The notebook is inside `notebooks/` and the edge list is located in `../data/collaboration.edgelist.txt`.

In [None]:
import pandas as pd
import numpy as np
import matplotlib.pyplot as plt
import networkx as nx
from pathlib import Path
import json
import os

%matplotlib inline

DATA_PATH = Path("../data/collaboration.edgelist.txt")
RESULTS_DIR = Path("../results")
RESULTS_DIR.mkdir(parents=True, exist_ok=True)

DATA_PATH, RESULTS_DIR

## 2. Loading the Edge List

The file is expected to have **no header** and **two integer columns** (node identifiers), separated by whitespace (space or tab):

```text
u  v
0  1680
0  6918
...
```

In [None]:
if not DATA_PATH.exists():
    raise FileNotFoundError(f"Edge list file not found: {DATA_PATH}")

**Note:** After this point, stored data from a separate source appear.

(* Let $\beta,\gamma$ be real numbers with $0<\beta\le\gamma\le1$, let $m\ge0$ be an integer, let $\theta=(k_r)$ be a lacunary sequence and let $0<p<\infty$. Then $N_\theta^\beta(p,F,\Delta^m)\subset S_\theta^\gamma(F,\Delta^m)$ (and a sequence strongly $N_\theta^\beta(p,F,\Delta^m)$-summable to $X_0$ is $S_\theta^\gamma(F,\Delta^m)$-statistically convergent to $X_0$). Moreover, the inclusion is strict for some choices of $\beta$ and $\gamma$.
   Context: A fuzzy number is a map $X:\mathbb{R}\to[0,1]$ which is normal, fuzzy convex, upper semicontinuous, with compact closure of $\{t:X(t)>0\}$; $L(\mathbb{R})$ is the set of fuzzy numbers. Level sets $[X]^\alpha=\{t:X(t)\ge\alpha\}$ ($\alpha\in(0,1]$), $[X]^0=\overline{\{t:X(t)>0\}}$, are compact intervals $[u^\alpha,v^\alpha]$. Subtraction: $[X-Y]^\alpha=[u_1^\alpha-v_2^\alpha,v_1^\alpha-u_2^\alpha]$. Metric: $d(X,Y)=\sup_{\alpha\in[0,1]}\max\{|u_1^\alpha-u_2^\alpha|,|v_1^\alpha-v_2^\alpha|\}$. $(\Delta^0X)_k=X_k$, $(\Delta^1X)_k=X_k-X_{k+1}$, $(\Delta^mX)_k=(\Delta^1(\Delta^{m-1}X))_k$. A lacunary sequence is an increasing integer sequence $\theta=(k_r)_{r\ge0}$ with $k_0=0$, $h_r=k_r-k_{r-1}\to\infty$; $I_r=(k_{r-1},k_r]$. $S_\theta^\gamma(F,\Delta^m)$: sequences $X$ with some $X_0\in L(\mathbb{R})$ such that for all $\varepsilon>0$, $\lim_r\frac{1}{h_r^\gamma}|\{k\in I_r:d(\Delta^mX_k,X_0)\ge\varepsilon\}|=0$. $N_\theta^\beta(p,F,\Delta^m)$: sequences $X$ with some $X_0\in L(\mathbb{R})$ (the limit) such that $\lim_r\frac{1}{h_r^\beta}\sum_{k\in I_r}d(\Delta^mX_k,X_0)^p=0$. *)

From HB Require Import structures.
From mathcomp Require Import all_boot all_order all_algebra.
From mathcomp Require Import all_classical all_reals all_analysis.
Set Implicit Arguments. Unset Strict Implicit. Unset Printing Implicit Defensive.
Import Order.TTheory GRing.Theory Num.Theory.
Import numFieldNormedType.Exports.
Local Open Scope classical_set_scope.
Local Open Scope ring_scope.
(* Let $(X,\mathrm{dist})$ be a metric space, $\Sigma$ a metric space, and $\{U_\sigma(t,\tau)\}_{\sigma\in\Sigma}$ a family of processes on $X$. If the family is uniformly asymptotically compact, then it possesses the uniform global attractor $A_\Sigma$, and $A_\Sigma=A^\star_\Sigma$.
   Context: A process on $X$ is a family of maps $U(t,\tau):X\to X$, indexed by reals $t\ge\tau$, with $U(\tau,\tau)=\mathrm{id}_X$ and $U(t,\tau)=U(t,s)U(s,\tau)$ for $t\ge s\ge\tau$; no continuity is assumed. For nonempty $B,C\subset X$, $\delta_X(B,C)=\sup_{x\in B}\inf_{\xi\in C}\mathrm{dist}(x,\xi)$. A set $K\subset X$ is uniformly attracting if for every bounded $C\subset X$, $\lim_{t-\tau\to\infty}\sup_{\sigma\in\Sigma}\delta_X(U_\sigma(t,\tau)C,K)=0$. The family is uniformly asymptotically compact if there exists a compact uniformly attracting set. A compact set $A_\Sigma\subset X$ is the uniform global attractor of the family if it is uniformly attracting and is contained in every compact uniformly attracting set. $\mathfrak{C}_\Sigma$ is the collection of all sequences $y_n=U_{\sigma_n}(t_n,\tau_n)x_n$ with $x_n$ a bounded sequence in $X$, $\sigma_n\in\Sigma$, $t_n-\tau_n\to\infty$, and $A^\star_\Sigma=\{x\in X: y_n\to x$ along a subsequence, for some $y_n\in\mathfrak{C}_\Sigma\}$. *)

From Stdlib Require Import Reals List.
Open Scope R_scope.

Record MetricSpace := {
  carrier :> Type;
  dist : carrier -> carrier -> R;
  dist_nonneg : forall x y, 0 <= dist x y;
  dist_eq0 : forall x y, dist x y = 0 <-> x = y;
  dist_sym : forall x y, dist x y = dist y x;
  dist_tri : forall x y z, dist x z <= dist x y + dist y z
}.

Arguments dist {m} _ _.

Section Defs.
Variable X : MetricSpace.

Definition open_set (O : X -> Prop) : Prop :=
  forall x, O x -> exists eps, 0 < eps /\ forall y, dist x y < eps -> O y.

Definition compact_set (K : X -> Prop) : Prop :=
  forall (I : Type) (O : I -> X -> Prop),
    (forall i, open_set (O i)) ->
    (forall x, K x -> exists i, O i x) ->
    exists l : list I, forall x, K x -> exists i, In i l /\ O i x.

Definition bounded_set (C : X -> Prop) : Prop :=
  exists x0 r, forall x, C x -> dist x0 x <= r.

Definition nonempty (C : X -> Prop) : Prop := exists x, C x.

Definition is_process (V : R -> R -> X -> X) : Prop :=
  (forall tau x, V tau tau x = x) /\
  (forall t s tau x, tau <= s -> s <= t -> V t tau x = V t s (V s tau x)).

Definition uniformly_attracting {Sg : Type} (U : Sg -> R -> R -> X -> X)
    (K : X -> Prop) : Prop :=
  forall C : X -> Prop, nonempty C -> bounded_set C ->
  forall eps, 0 < eps -> exists T, forall t tau, tau <= t -> T <= t - tau ->
    forall (s : Sg) x, C x -> exists xi, K xi /\ dist (U s t tau x) xi < eps.

Definition uniformly_asymptotically_compact {Sg : Type}
    (U : Sg -> R -> R -> X -> X) : Prop :=
  exists K, compact_set K /\ uniformly_attracting U K.

Definition uniform_global_attractor {Sg : Type} (U : Sg -> R -> R -> X -> X)
    (A : X -> Prop) : Prop :=
  compact_set A /\ uniformly_attracting U A /\
  forall K, compact_set K -> uniformly_attracting U K -> forall x, A x -> K x.

Definition seq_converges (u : nat -> X) (x : X) : Prop :=
  forall eps, 0 < eps -> exists N, forall n, (N <= n)%nat -> dist (u n) x < eps.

df_edges = pd.read_csv(DATA_PATH, sep=r"\s+", header=None, names=["u", "v"])
df_edges.head()

## 3. Basic Statistics

We compute:

- Number of edges
- Number of unique nodes
- Presence of self-loops
- Example of minimum and maximum node IDs

In [None]:
n_edges = len(df_edges)
nodes = set(df_edges["u"]) | set(df_edges["v"])
n_nodes = len(nodes)

has_self_loops = (df_edges["u"] == df_edges["v"]).any()
min_node = min(nodes)
max_node = max(nodes)

print(f"Number of edges: {n_edges}")
print(f"Number of unique nodes: {n_nodes}")
print(f"Any self-loops? {has_self_loops}")
print(f"Min node ID: {min_node}")
print(f"Max node ID: {max_node}")

## 4. Building the Graph with NetworkX

We treat the network as **undirected**, since collaborations are symmetric (if A collaborated with B, then B collaborated with A).

In [None]:
G = nx.from_pandas_edgelist(df_edges, source="u", target="v")
G

We confirm that the number of nodes and edges in the graph matches the basic statistics computed before.

In [None]:
print(f"Graph number of nodes: {G.number_of_nodes()}")
print(f"Graph number of edges: {G.number_of_edges()}")

## 5. Degree Distribution

We compute the degree of each node and visualize the distribution.

First, we look at the raw histogram; then, we inspect a log–log version to better understand the heavy-tailed behavior.

In [None]:
degrees = np.array([d for _, d in G.degree()])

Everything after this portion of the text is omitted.